Los meses de noviembre y diciembre han sido de Novedad. No sé cuántos somos, pero hemos de ser bastantes los que en estos años hemos gozado del placer como de hormiga de indagar la historia tras bambalinas de nuestro siglo (sí, el veinte que termina) en la colección de artículos periodísticos de Salvador Novo titulada, al igual que el libro de madame Calderón de la Barca, La vida en México… –sólo que en los sexenios priístas, a partir del de Lázaro Cárdenas–, que ha editado el Consejo Nacional para la Cultura y las Artes (comenzando con la reedición de los tres tomos ya editados en los años sesenta y recopilados por José Emilio Pacheco, y completando este trabajo Antonio Saborit con la compilación del trabajo periodístico de los sexenios siguientes). Supongo que fuimos más los que adquirimos presurosos La estatua de sal, el truncado libro de memorias de Novo que durante años fue una suerte de leyenda que sólo conocían los iniciados y algunos amigos suyos, y que por fin editó (también) el cnca con un prólogo de Carlos Monsiváis más que a la altura de aquel tomo de prosa deslumbrante, de revelaciones memorables e interesantísimas sobre el ambiente gay de la primera mitad de nuestro siglo, hechas por una de nuestras almas más lúcidas, en un afán por comprenderse.

Pues bien, quienes hayan quedado más intrigados por la personalidad punzante y satírica de este escritor emblema de sí mismo y de su larga época, estos dos meses habrán podido ver en librerías y tomar, si el bolsillo se lo permite, dos obras que terminarán de colmar su curiosidad: una es el último tomo de la primera colección que mencioné –La vida en México en el sexenio de Luis Echeverría–, con el cual se cumple la afición de los coleccionistas y a la vez se lee al Salvador Novo de los años postreros, hasta un mes antes de su fallecimiento: la muerte de su madre que prácticamente lo acaba, las alabanzas al régimen que ya desde el sexenio de Alemán se le daban bastante bien, sus enfermedades ya terminales, los lamentos por no poder asistir a tanto banquete y ceremonia de los que ya formaba parte como estatua de prócer a ejercer una gula refinadísima. 

La otra es un regalo de Monsiváis para la humanidad, pues ya con el prólogo a La estatua de sal nos había dejado con las ganas de más.

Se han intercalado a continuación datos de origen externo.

(* Let $\mathcal{X}$ be a real Banach space and $g:[a,b]\to\mathcal{X}^*$. Assume that $g$ is Denjoy–Gel'fand integrable on $[a,t]$ for every $t\in[a,b)$ and that for each $y\in\mathcal{X}$ the limit $\lim_{t\to b^-}\mathcal{D}\int_a^t yg$ exists. Then $g$ is Denjoy–Gel'fand integrable on $[a,b]$ and $$\Big\langle y,\ \mathcal{DG}\int_a^b g\Big\rangle=\lim_{t\to b^-}\Big\langle y,\ \mathcal{DG}\int_a^t g\Big\rangle\quad\text{for each } y\in\mathcal{X}.$$
   Context: For $y\in\mathcal{X}$, $yg$ denotes the real function $t\mapsto g(t)(y)$. A function $F:[a,b]\to\mathbb{R}$ is AC on a set $E$ if for every $\epsilon>0$ there is $\eta>0$ such that for every finite family of nonoverlapping intervals $[c_i,d_i]$ with endpoints in $E$ and $\sum(d_i-c_i)<\eta$ one has $\sum|F(d_i)-F(c_i)|<\epsilon$; $F$ is ACG on $[a,b]$ if $F$ is continuous on $[a,b]$ and $[a,b]$ is a countable union of sets on each of which $F$ is AC. A function $h:[a,b]\to\mathbb{R}$ is Denjoy integrable on $[a,b]$ if there is an ACG function $F$ on $[a,b]$ whose approximate derivative equals $h$ a.e.; then $\mathcal{D}\int_a^b h=F(b)-F(a)$ (and similarly on subintervals). A function $g:[a,b]\to\mathcal{X}^*$ is Denjoy–Gel'fand integrable on $[a,b]$ if $yg$ is Denjoy integrable on $[a,b]$ for each $y\in\mathcal{X}$ and for every interval $I\subset[a,b]$ there is $y_I^*\in\mathcal{X}^*$ with $y_I^*(y)=\mathcal{D}\int_I yg$ for all $y\in\mathcal{X}$; one writes $\mathcal{DG}\int_I g=y_I^*$. *)

From Stdlib Require Import Reals.
Open Scope R_scope.

Record BanachSpace := {
  bs_car :> Type;
  bs_zero : bs_car;
  bs_add : bs_car -> bs_car -> bs_car;
  bs_opp : bs_car -> bs_car;
  bs_scal : R -> bs_car -> bs_car;
  bs_norm : bs_car -> R;
  bs_add_assoc : forall x y z, bs_add x (bs_add y z) = bs_add (bs_add x y) z;
  bs_add_comm : forall x y, bs_add x y = bs_add y x;
  bs_add_zero : forall x, bs_add x bs_zero = x;
  bs_add_opp : forall x, bs_add x (bs_opp x) = bs_zero;
  bs_scal_distr_l : forall r x y, bs_scal r (bs_add x y) = bs_add (bs_scal r x) (bs_scal r y);
  bs_scal_distr_r : forall r s x, bs_scal (r + s) x = bs_add (bs_scal r x) (bs_scal s x);
  bs_scal_assoc : forall r s x, bs_scal r (bs_scal s x) = bs_scal (r * s) x;
  bs_scal_one : forall x, bs_scal 1 x = x;
  bs_norm_eq0 : forall x, bs_norm x = 0 -> x = bs_zero;
  bs_norm_triangle : forall x y, bs_norm (bs_add x y) <= bs_norm x + bs_norm y;
  bs_norm_scal : forall r x, bs_norm (bs_scal r x) = Rabs r * bs_norm x;
  bs_complete : forall u : nat -> bs_car,
    (forall eps, 0 < eps -> exists N, forall m n, (N <= m)%nat -> (N <= n)%nat ->
        bs_norm (bs_add (u m) (bs_opp (u n))) < eps) ->
    exists l, forall eps, 0 < eps -> exists N, forall n, (N <= n)%nat ->
        bs_norm (bs_add (u n) (bs_opp l)) < eps
}.

Definition is_dual (X : BanachSpace) (f : X -> R) : Prop :=
  (forall x y, f (bs_add X x y) = f x + f y) /\
  (forall r x, f (bs_scal X r x) = r * f x) /\
  (exists M, forall x, Rabs (f x) <= M * bs_norm X x).

Definition dual (X : BanachSpace) := { f : X -> R | is_dual X f }.
Definition ev {X : BanachSpace} (f : dual X) (y : X) : R := proj1_sig f y.

Fixpoint fsum (f : nat -> R) (n : nat) : R :=
  match n with O => 0 | S k => fsum f k + f k end.

(* m^*(E) <= c  (Lebesgue outer measure via countable interval covers) *)
Definition outer_le (E : R -> Prop) (c : R) : Prop :=
  forall eps, 0 < eps -> exists an bn : nat -> R,
    (forall x, E x -> exists n, an n < x < bn n) /\
    (forall n, an n <= bn n) /\
    (forall N, fsum (fun n => bn n - an n) N <= c + eps).

Definition null (E : R -> Prop) : Prop := outer_le E 0.

Definition density_zero (E : R -> Prop) (x : R) : Prop :=
  forall eta, 0 < eta -> exists delta, 0 < delta /\
    forall r, 0 < r < delta -> outer_le (fun t => E t /\ x - r <= t <= x + r) (eta * (2 * r)).

Definition ap_deriv (F : R -> R) (a b x l : R) : Prop :=
  forall eps, 0 < eps ->
    density_zero (fun t => a <= t <= b /\ t <> x /\
                          eps <= Rabs ((F t - F x) / (t - x) - l)) x.

Definition AC_on (F : R -> R) (E : R -> Prop) : Prop :=
  forall eps, 0 < eps -> exists eta, 0 < eta /\
    forall (n : nat) (c d : nat -> R),
      (forall i, (i < n)%nat -> E (c i) /\ E (d i) /\ c i <= d i) ->
      (forall i j, (i < n)%nat -> (j < n)%nat -> i <> j -> d i <= c j \/ d j <= c i) ->
      fsum (fun i => d i - c i) n < eta ->
      fsum (fun i => Rabs (F (d i) - F (c i))) n < eps.

Definition cont_on (F : R -> R) (a b : R) : Prop :=
  forall x, a <= x <= b -> forall eps, 0 < eps -> exists delta, 0 < delta /\
    forall t, a <= t <= b -> Rabs (t - x) < delta -> Rabs (F t - F x) < eps.

Definition ACG (F : R -> R) (a b : R) : Prop :=
  cont_on F a b /\
  exists En : nat -> R -> Prop,
    (forall x, a <= x <= b -> exists n, En n x) /\
    (forall n x, En n x -> a <= x <= b) /\
    (forall n, AC_on F (En n)).

Definition D_int (h : R -> R) (c d v : R) : Prop :=
  c <= d /\
  exists F, ACG F c d /\
    null (fun x => c <= x <= d /\ ~ ap_deriv F c d x (h x)) /\
    v = F d - F c.

Definition D_integrable (h : R -> R) (c d : R) : Prop := exists v, D_int h c d v.

Definition yg {X : BanachSpace} (g : R -> dual X) (y : X) : R -> R :=
  fun t => ev (g t) y.

Definition DG_int {X : BanachSpace} (g : R -> dual X) (c d : R) (ys : dual X) : Prop :=
  forall y, D_int (yg g y) c d (ev ys y).

Definition DG_integrable {X : BanachSpace} (g : R -> dual X) (a b : R) : Prop :=
  (forall y, D_integrable (yg g y) a b) /\
  (forall c d, a <= c -> c <= d -> d <= b -> exists ys, DG_int g c d ys).

From Stdlib Require Import Reals Lra Lia Cantor ClassicalEpsilon FunctionalExtensionality.
Open Scope R_scope.

(* For each y, the function yg is Denjoy integrable on [a, b] by Hake's theorem: primitives
   on an increasing sequence of intervals exhausting [a, b) are shifted by constants and
   glued into one function, which becomes a primitive on [a, b] once it is extended to b by
   the limit, because being ACG and having the right approximate derivative outside a null
   set survive countable unions of intervals. The functional L y = lim_{t -> b-} DG_int_a^t g (y)
   is linear as a limit of linear functionals and bounded by the uniform boundedness
   principle (proved by a gliding hump), so L - DG_int_a^c g is the Denjoy-Gel'fand integral
   of g on [c, b]. *)

(** * Finite sums and null sets *)

Lemma fsum_ext f g n : (forall i, (i < n)%nat -> f i = g i) -> fsum f n = fsum g n.
Proof.
  induction n as [|n IH]; intros Hfg; simpl; [reflexivity|].
  rewrite IH, (Hfg n) by (intros; try apply Hfg; lia). reflexivity.
Qed.

Lemma fsum_plus f g n : fsum (fun i => f i + g i) n = fsum f n + fsum g n.
Proof. induction n as [|n IH]; simpl; [ring|]. rewrite IH; ring. Qed.

Lemma fsum_le f g n : (forall i, (i < n)%nat -> f i <= g i) -> fsum f n <= fsum g n.
Proof.
  induction n as [|n IH]; intros Hfg; simpl; [lra|].
  assert (fsum f n <= fsum g n) by (apply IH; intros; apply Hfg; lia).
  specialize (Hfg n (Nat.lt_succ_diag_r n)); lra.
Qed.

Lemma fsum_nonneg f n : (forall i, 0 <= f i) -> 0 <= fsum f n.
Proof. intros Hf; induction n as [|n IH]; simpl; [lra|]. specialize (Hf n); lra. Qed.

Lemma fsum_le_widen f n m : (forall i, 0 <= f i) -> (n <= m)%nat -> fsum f n <= fsum f m.
Proof. intros Hf Hnm; induction Hnm; simpl; [lra|]. specialize (Hf m); lra. Qed.

Lemma fsum_term_le f n i : (forall i, 0 <= f i) -> (i < n)%nat -> f i <= fsum f n.
Proof.
  intros Hf Hi. apply Rle_trans with (fsum f (S i)).
  - simpl. pose proof (fsum_nonneg f i Hf); lra.
  - apply fsum_le_widen; auto.
Qed.

Lemma fsum_geometric eps n : fsum (fun k => eps / 2 ^ S k) n = eps - eps / 2 ^ n.
Proof.
  induction n as [|n IH]; [simpl; field|].
  change (fsum (fun k => eps / 2 ^ S k) (S n)) with (fsum (fun k => eps / 2 ^ S k) n + eps / 2 ^ S n).
  rewrite IH. simpl. field. apply pow_nonzero; lra.
Qed.

Lemma outer_le_mono (E E' : R -> Prop) c :
  (forall x, E' x -> E x) -> outer_le E c -> outer_le E' c.
Proof.
  intros Hsub HE eps Heps. destruct (HE eps Heps) as (an & bn & Hcov & Hab & Hsum).
  exists an, bn; repeat split; auto.
Qed.

Lemma null_mono (E E' : R -> Prop) : (forall x, E' x -> E x) -> null E -> null E'.
Proof. apply outer_le_mono. Qed.

Lemma null_single p : null (fun x => x = p).
Proof.
  intros eps Heps.
  exists (fun k => p - eps / 2 ^ S (S k)), (fun k => p + eps / 2 ^ S (S k)).
  assert (Hpos : forall k, 0 < eps / 2 ^ k) by (intros; apply Rdiv_lt_0_compat, pow_lt; lra).
  repeat split.
  - intros x ->. exists O. specialize (Hpos 2%nat). lra.
  - intros k. specialize (Hpos (S (S k))). lra.
  - intros n. rewrite (fsum_ext _ (fun k => eps / 2 ^ S k)), fsum_geometric.
    + specialize (Hpos n). lra.
    + intros k _. simpl. field. apply pow_nonzero; lra.
Qed.

Fixpoint triangle (n : nat) : nat := match n with O => O | S n => (S n + triangle n)%nat end.

Definition pair_merge (f : nat -> nat -> R) (k : nat) : R := let (m, n) := of_nat k in f n m.

Lemma of_nat_triangle D n : (n <= D)%nat -> of_nat (n + triangle D) = ((D - n)%nat, n).
Proof.
  intros HnD. rewrite <- (cancel_of_to ((D - n)%nat, n)). f_equal.
  unfold to_nat. replace (n + (D - n))%nat with D by lia. reflexivity.
Qed.

Lemma fsum_pair_merge f D :
  fsum (pair_merge f) (triangle D) = fsum (fun n => fsum (f n) (D - n)) D.
Proof.
  induction D as [|D IH]; [reflexivity|].
  assert (Hdiag : forall j, (j <= S D)%nat -> fsum (pair_merge f) (j + triangle D)
     = fsum (pair_merge f) (triangle D) + fsum (fun n => f n (D - n)%nat) j).
  { induction j as [|j IHj]; intros Hj; simpl; [ring|].
    rewrite IHj by lia. unfold pair_merge at 2. rewrite of_nat_triangle by lia. ring. }
  change (triangle (S D)) with (S D + triangle D)%nat.
  rewrite Hdiag, IH by lia.
  rewrite (fsum_ext (fun n => fsum (f n) (S D - n))
                    (fun n => fsum (f n) (D - n) + f n (D - n)%nat)), fsum_plus.
  - simpl. rewrite Nat.sub_diag. simpl. ring.
  - intros i Hi. replace (S D - i)%nat with (S (D - i)) by lia. reflexivity.
Qed.

Lemma triangle_ge n : (n <= triangle n)%nat.
Proof. induction n; simpl; lia. Qed.

(* The n-th set is covered with total length [eps / 2 ^ S n]; the covers are merged
   along the Cantor pairing. *)
Lemma null_countable_union (B : nat -> R -> Prop) :
  (forall n, null (B n)) -> null (fun x => exists n, B n x).
Proof.
  intros HB eps Heps.
  assert (Hcov : forall n, exists ab : (nat -> R) * (nat -> R),
    (forall x, B n x -> exists m, fst ab m < x < snd ab m) /\ (forall m, fst ab m <= snd ab m) /\
    (forall N, fsum (fun m => snd ab m - fst ab m) N <= 0 + eps / 2 ^ S n)).
  { intros n. destruct (HB n (eps / 2 ^ S n)) as (an & bn & H); [apply Rdiv_lt_0_compat, pow_lt; lra|].
    exists (an, bn); exact H. }
  destruct (choice _ Hcov) as [ab Hab].
  exists (pair_merge (fun n m => fst (ab n) m)), (pair_merge (fun n m => snd (ab n) m)).
  assert (Hlen : forall k, pair_merge (fun n m => snd (ab n) m) k - pair_merge (fun n m => fst (ab n) m) k
                         = pair_merge (fun n m => snd (ab n) m - fst (ab n) m) k).
  { intros k. unfold pair_merge. destruct (of_nat k). reflexivity. }
  repeat split.
  - intros x [n Hx]. destruct (proj1 (Hab n) x Hx) as [m Hm].
    exists (to_nat (m, n)). unfold pair_merge. rewrite cancel_of_to. exact Hm.
  - intros k. unfold pair_merge. destruct (of_nat k) as [m n]. apply Hab.
  - intros N. rewrite (fsum_ext _ _ _ (fun k _ => Hlen k)).
    apply Rle_trans with (fsum (pair_merge (fun n m => snd (ab n) m - fst (ab n) m)) (triangle N)).
    { apply fsum_le_widen; [|apply triangle_ge].
      intros k. unfold pair_merge. destruct (of_nat k) as [m n].
      pose proof (proj1 (proj2 (Hab n)) m). lra. }
    rewrite fsum_pair_merge.
    apply Rle_trans with (fsum (fun n => eps / 2 ^ S n) N).
    { apply fsum_le. intros n _. pose proof (proj2 (proj2 (Hab n)) (N - n)%nat). lra. }
    rewrite fsum_geometric.
    assert (0 < eps / 2 ^ N) by (apply Rdiv_lt_0_compat, pow_lt; lra). lra.
Qed.

Lemma null_union2 (E1 E2 : R -> Prop) : null E1 -> null E2 -> null (fun x => E1 x \/ E2 x).
Proof.
  intros H1 H2.
  apply null_mono with (fun x => exists n, match n with O => E1 | S _ => E2 end x).
  - intros x [Hx|Hx]; [exists O | exists 1%nat]; exact Hx.
  - apply null_countable_union. intros [|n]; assumption.
Qed.

Lemma null_range (w : nat -> R) : null (fun x => exists n, x = w n).
Proof. apply null_countable_union. intros n. apply null_single. Qed.

(** * Local properties of Denjoy primitives *)

Lemma density_zero_local (E E' : R -> Prop) x r0 : 0 < r0 ->
  (forall t, x - r0 < t < x + r0 -> E' t -> E t) -> density_zero E x -> density_zero E' x.
Proof.
  intros Hr0 Hsub HE eta Heta. destruct (HE eta Heta) as [delta [Hdelta Hout]].
  exists (Rmin delta r0). split; [apply Rmin_pos; lra|].
  intros r Hr. pose proof (Rmin_l delta r0); pose proof (Rmin_r delta r0).
  apply outer_le_mono with (fun t => E t /\ x - r <= t <= x + r).
  - intros t [Ht1 Ht2]. split; [apply Hsub|]; auto; lra.
  - apply Hout; lra.
Qed.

Lo edita era y se titula Salvador Novo, lo marginal en el centro, y en efecto lo escribió su autor a partir del prólogo mencionado. Empieza Monsiváis diciendo: “A lo largo de su vida, Salvador Novo (1904-1074) irrita y fascina por la provocación y deslumbra por el talento, alarma por la conducta y tranquiliza con el ingenio, perturba por su don para el escándalo y divierte al añadir el escándalo al show de la personalidad única. Y sólo después de su muerte se advierte la calidad del conjunto.” En este libro Monsiváis recorre la personalidad de Novo a través de las diferentes épocas de su vida: la infancia, el descubrimiento y la asunción de su homosexualidad con el autoescarnio y la ironía punzante como defensa, el grupo Ulises, Contemporáneos, el Novo oficial del inba y los regímenes priístas nacionalistas a los que él mismo antes había enfrentado, su teatro de la Capilla, etcétera etcétera. Además del profundo análisis vital, por decirlo así, del personaje, el autor traza una justa apreciación literaria de la obra de Salvador Novo. Dice, por ejemplo de su prosa: “A él –que se precia de nunca corregir sus textos– la prosa no le resulta un ‘objeto de orfebrería’, sino el resultado de la rapidez asociativa, de la complejidad de la estructura, del impulso barroco que levanta sus construcciones a manera de retablos fílmicos. A ensayos breves y artículos renovadores, se les imprime un ritmo (una intensidad) ya no fruto de la poesía o del ‘logro acústico’ tradicional, sino del acopio de información, erudición, inteligencia, calidad prosística, visión poética, cultura amplia y observaciones de vida cotidiana regidas por el desmesurado amor al presente.”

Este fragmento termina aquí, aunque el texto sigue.